What to do —
First find the line with "set (D := du s * s ^ 2 * exp s)." in the entries below, then set down exactly every line through the line with "unfold f. auto_derive.", that line included.
____ Given data
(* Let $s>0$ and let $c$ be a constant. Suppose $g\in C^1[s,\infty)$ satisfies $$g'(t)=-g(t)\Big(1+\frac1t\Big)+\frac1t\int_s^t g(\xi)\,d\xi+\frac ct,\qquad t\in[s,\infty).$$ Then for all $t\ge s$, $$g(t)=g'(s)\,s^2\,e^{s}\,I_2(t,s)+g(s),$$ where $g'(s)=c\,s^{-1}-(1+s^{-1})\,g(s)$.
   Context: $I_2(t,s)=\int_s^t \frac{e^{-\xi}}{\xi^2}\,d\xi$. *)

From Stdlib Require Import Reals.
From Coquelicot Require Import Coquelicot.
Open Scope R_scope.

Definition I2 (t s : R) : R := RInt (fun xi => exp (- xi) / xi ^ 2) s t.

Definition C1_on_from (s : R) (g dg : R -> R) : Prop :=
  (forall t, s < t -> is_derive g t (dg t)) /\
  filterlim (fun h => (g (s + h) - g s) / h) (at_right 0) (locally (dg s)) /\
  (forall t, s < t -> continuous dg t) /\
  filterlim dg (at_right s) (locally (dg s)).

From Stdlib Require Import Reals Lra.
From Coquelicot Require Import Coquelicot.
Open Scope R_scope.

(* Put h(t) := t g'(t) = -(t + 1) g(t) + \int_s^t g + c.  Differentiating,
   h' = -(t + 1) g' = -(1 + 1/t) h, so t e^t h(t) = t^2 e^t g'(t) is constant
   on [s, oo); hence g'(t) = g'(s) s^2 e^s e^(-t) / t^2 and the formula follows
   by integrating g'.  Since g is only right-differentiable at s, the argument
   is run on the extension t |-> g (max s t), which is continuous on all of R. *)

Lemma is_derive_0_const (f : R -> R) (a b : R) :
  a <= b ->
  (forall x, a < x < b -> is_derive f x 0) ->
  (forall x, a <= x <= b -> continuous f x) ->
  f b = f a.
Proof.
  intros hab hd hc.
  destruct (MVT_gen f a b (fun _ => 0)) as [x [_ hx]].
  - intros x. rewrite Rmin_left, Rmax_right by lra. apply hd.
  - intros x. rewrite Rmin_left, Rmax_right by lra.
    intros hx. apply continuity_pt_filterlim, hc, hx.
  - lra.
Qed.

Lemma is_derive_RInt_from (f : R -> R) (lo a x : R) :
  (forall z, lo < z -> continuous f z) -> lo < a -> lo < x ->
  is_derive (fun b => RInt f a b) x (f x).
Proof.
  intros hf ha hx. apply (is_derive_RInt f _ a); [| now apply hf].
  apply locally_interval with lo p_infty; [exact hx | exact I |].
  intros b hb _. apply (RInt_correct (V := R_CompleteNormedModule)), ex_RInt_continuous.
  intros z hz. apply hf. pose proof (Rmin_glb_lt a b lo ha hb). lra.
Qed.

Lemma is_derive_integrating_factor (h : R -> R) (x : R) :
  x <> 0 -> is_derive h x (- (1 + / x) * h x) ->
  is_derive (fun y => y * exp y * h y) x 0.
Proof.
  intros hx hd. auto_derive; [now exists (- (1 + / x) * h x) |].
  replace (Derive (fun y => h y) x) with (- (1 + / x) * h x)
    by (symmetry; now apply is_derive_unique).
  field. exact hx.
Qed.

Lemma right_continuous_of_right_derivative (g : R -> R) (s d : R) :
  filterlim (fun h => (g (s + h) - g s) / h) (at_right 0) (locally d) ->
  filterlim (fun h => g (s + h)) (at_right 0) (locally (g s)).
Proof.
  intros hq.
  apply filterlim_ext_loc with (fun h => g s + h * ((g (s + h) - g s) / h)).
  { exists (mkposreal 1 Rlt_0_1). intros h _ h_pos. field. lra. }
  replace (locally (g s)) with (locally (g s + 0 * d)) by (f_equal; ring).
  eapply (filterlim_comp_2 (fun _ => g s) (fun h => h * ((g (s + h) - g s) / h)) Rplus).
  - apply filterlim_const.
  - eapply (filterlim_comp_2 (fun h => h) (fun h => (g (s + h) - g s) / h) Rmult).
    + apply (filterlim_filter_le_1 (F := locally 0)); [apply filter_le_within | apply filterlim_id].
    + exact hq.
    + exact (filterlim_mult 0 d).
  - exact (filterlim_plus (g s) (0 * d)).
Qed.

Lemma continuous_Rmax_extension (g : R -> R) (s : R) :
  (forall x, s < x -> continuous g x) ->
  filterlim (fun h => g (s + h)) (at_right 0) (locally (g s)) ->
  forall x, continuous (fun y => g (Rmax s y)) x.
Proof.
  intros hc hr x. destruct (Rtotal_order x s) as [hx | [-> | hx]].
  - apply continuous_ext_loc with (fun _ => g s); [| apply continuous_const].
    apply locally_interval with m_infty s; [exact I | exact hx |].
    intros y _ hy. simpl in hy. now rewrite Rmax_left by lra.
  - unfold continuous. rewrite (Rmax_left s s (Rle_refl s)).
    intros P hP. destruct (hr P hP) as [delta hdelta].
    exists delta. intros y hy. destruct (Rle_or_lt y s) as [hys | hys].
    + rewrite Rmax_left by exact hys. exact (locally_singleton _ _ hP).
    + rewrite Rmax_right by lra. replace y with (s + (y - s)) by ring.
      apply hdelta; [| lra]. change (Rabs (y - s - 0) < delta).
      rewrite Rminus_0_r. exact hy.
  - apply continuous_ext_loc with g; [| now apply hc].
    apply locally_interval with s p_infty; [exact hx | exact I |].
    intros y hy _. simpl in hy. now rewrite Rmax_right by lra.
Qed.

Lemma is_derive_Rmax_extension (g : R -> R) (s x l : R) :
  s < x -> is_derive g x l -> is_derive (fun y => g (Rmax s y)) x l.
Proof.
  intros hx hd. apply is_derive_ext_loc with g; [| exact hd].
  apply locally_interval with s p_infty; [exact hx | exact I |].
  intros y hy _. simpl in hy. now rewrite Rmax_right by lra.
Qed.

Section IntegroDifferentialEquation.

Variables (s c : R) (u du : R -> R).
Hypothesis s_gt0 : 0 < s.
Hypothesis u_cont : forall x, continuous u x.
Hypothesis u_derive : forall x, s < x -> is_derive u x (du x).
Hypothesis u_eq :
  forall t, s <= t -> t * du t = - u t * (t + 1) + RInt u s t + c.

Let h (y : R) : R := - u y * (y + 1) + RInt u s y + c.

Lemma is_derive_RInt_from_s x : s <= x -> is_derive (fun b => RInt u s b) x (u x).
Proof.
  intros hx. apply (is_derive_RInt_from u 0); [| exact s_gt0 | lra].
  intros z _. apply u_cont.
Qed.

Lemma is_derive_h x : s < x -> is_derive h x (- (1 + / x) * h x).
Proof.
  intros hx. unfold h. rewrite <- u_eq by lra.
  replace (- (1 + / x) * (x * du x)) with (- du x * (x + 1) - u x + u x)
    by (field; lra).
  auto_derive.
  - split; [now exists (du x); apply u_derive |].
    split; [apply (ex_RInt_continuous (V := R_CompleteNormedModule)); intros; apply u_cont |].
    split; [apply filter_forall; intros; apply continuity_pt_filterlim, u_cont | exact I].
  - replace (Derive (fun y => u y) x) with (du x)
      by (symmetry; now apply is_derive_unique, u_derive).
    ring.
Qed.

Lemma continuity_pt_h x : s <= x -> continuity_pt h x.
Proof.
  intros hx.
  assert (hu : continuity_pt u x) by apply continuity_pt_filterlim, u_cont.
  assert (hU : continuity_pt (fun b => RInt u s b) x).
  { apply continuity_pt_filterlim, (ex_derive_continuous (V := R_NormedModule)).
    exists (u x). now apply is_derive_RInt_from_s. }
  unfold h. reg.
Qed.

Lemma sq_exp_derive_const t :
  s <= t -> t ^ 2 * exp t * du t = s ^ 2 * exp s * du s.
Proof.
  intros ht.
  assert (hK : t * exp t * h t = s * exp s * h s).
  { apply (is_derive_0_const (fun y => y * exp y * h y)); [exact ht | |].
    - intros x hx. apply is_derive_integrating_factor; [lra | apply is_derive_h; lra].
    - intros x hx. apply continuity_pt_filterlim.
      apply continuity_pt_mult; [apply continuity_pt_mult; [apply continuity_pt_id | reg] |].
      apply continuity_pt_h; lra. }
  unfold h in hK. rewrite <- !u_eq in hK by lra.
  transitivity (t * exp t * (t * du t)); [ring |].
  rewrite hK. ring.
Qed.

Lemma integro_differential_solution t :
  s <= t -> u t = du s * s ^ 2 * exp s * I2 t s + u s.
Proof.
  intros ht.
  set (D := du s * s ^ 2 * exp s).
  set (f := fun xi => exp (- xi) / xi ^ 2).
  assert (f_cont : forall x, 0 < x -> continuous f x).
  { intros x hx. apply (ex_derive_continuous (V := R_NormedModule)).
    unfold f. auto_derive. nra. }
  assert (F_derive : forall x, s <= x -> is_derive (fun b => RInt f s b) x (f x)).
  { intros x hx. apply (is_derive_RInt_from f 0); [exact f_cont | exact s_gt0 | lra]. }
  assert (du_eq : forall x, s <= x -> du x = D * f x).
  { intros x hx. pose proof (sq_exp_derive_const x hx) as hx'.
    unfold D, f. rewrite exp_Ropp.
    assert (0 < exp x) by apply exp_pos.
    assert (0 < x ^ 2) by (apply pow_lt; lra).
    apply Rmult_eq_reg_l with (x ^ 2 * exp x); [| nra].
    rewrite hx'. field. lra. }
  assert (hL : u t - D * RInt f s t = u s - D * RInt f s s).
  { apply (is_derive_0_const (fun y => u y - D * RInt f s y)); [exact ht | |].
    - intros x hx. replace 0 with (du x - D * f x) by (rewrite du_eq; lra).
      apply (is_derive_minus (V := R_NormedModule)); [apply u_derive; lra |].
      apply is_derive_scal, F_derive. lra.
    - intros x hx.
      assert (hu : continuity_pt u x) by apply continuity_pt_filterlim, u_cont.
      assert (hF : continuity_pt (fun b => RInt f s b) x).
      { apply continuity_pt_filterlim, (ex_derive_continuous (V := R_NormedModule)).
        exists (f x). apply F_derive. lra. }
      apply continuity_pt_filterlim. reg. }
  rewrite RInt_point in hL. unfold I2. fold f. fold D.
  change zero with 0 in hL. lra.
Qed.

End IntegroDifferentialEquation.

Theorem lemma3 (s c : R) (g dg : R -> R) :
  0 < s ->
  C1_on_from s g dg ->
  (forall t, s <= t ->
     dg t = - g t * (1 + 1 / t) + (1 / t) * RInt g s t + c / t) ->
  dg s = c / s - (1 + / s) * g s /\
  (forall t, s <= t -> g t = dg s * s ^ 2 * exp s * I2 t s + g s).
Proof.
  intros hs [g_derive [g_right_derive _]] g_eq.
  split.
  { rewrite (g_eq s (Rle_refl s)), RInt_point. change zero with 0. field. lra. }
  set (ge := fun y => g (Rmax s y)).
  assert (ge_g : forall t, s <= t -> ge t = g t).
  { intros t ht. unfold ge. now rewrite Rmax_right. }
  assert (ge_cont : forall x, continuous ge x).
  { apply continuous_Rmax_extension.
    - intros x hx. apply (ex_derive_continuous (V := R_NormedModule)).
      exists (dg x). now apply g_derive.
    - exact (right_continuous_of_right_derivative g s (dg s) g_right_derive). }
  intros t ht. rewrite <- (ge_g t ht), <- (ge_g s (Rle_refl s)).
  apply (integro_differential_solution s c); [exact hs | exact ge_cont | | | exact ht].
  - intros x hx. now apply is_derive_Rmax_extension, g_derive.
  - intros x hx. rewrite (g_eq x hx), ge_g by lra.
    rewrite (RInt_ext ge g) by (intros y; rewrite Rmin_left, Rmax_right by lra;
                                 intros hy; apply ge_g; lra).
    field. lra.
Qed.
________
____ Given data
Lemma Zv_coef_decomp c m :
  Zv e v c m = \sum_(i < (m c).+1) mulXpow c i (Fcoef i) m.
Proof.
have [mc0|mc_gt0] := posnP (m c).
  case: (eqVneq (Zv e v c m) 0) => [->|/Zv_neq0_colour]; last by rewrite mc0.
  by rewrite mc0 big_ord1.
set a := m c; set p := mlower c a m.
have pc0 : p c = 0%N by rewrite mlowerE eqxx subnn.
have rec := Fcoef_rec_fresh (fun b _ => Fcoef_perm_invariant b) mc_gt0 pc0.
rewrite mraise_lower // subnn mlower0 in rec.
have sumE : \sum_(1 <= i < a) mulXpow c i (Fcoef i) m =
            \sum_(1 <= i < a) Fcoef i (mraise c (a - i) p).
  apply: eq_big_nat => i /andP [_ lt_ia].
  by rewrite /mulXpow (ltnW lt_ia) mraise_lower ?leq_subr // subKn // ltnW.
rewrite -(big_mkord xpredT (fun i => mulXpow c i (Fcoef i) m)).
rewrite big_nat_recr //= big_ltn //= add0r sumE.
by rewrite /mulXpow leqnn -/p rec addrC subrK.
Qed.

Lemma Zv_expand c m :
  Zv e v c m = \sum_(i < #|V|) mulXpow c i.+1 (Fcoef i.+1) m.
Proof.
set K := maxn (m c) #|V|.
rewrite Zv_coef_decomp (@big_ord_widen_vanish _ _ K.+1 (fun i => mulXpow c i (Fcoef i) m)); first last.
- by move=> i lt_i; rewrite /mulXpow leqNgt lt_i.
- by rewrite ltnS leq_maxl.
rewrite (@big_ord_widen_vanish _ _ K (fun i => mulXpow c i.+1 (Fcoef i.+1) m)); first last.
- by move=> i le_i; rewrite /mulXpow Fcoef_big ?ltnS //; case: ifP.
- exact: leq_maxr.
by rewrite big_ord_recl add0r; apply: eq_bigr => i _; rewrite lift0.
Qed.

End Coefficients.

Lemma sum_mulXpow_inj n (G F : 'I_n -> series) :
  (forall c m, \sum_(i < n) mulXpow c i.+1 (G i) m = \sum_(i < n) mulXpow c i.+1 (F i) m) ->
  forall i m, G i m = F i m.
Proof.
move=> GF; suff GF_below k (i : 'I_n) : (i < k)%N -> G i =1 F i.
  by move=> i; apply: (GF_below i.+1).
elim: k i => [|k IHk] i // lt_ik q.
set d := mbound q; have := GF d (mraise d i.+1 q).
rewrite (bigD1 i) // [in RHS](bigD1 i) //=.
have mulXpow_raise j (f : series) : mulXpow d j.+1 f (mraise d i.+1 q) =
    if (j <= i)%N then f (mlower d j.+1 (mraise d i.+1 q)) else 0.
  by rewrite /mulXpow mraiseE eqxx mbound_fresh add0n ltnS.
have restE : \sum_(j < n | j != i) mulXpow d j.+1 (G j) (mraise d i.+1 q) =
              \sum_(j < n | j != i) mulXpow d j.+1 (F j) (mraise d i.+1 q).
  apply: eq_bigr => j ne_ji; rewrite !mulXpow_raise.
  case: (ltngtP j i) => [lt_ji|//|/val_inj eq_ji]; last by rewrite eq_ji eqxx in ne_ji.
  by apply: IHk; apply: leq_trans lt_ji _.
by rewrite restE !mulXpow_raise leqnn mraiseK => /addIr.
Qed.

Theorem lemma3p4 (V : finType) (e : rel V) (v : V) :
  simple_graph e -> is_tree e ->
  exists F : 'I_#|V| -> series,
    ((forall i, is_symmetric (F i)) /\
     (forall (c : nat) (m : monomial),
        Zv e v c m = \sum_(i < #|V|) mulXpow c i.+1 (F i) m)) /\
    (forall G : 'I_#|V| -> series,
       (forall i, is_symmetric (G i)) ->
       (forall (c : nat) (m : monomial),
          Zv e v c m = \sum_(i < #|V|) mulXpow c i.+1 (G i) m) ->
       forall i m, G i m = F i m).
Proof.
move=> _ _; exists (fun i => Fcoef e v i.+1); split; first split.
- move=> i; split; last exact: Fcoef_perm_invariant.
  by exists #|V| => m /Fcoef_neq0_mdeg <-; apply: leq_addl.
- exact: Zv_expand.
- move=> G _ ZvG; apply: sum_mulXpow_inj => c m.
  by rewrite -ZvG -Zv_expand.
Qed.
________
Expected answer —
  set (D := du s * s ^ 2 * exp s).
  set (f := fun xi => exp (- xi) / xi ^ 2).
  assert (f_cont : forall x, 0 < x -> continuous f x).
  { intros x hx. apply (ex_derive_continuous (V := R_NormedModule)).
    unfold f. auto_derive. nra. }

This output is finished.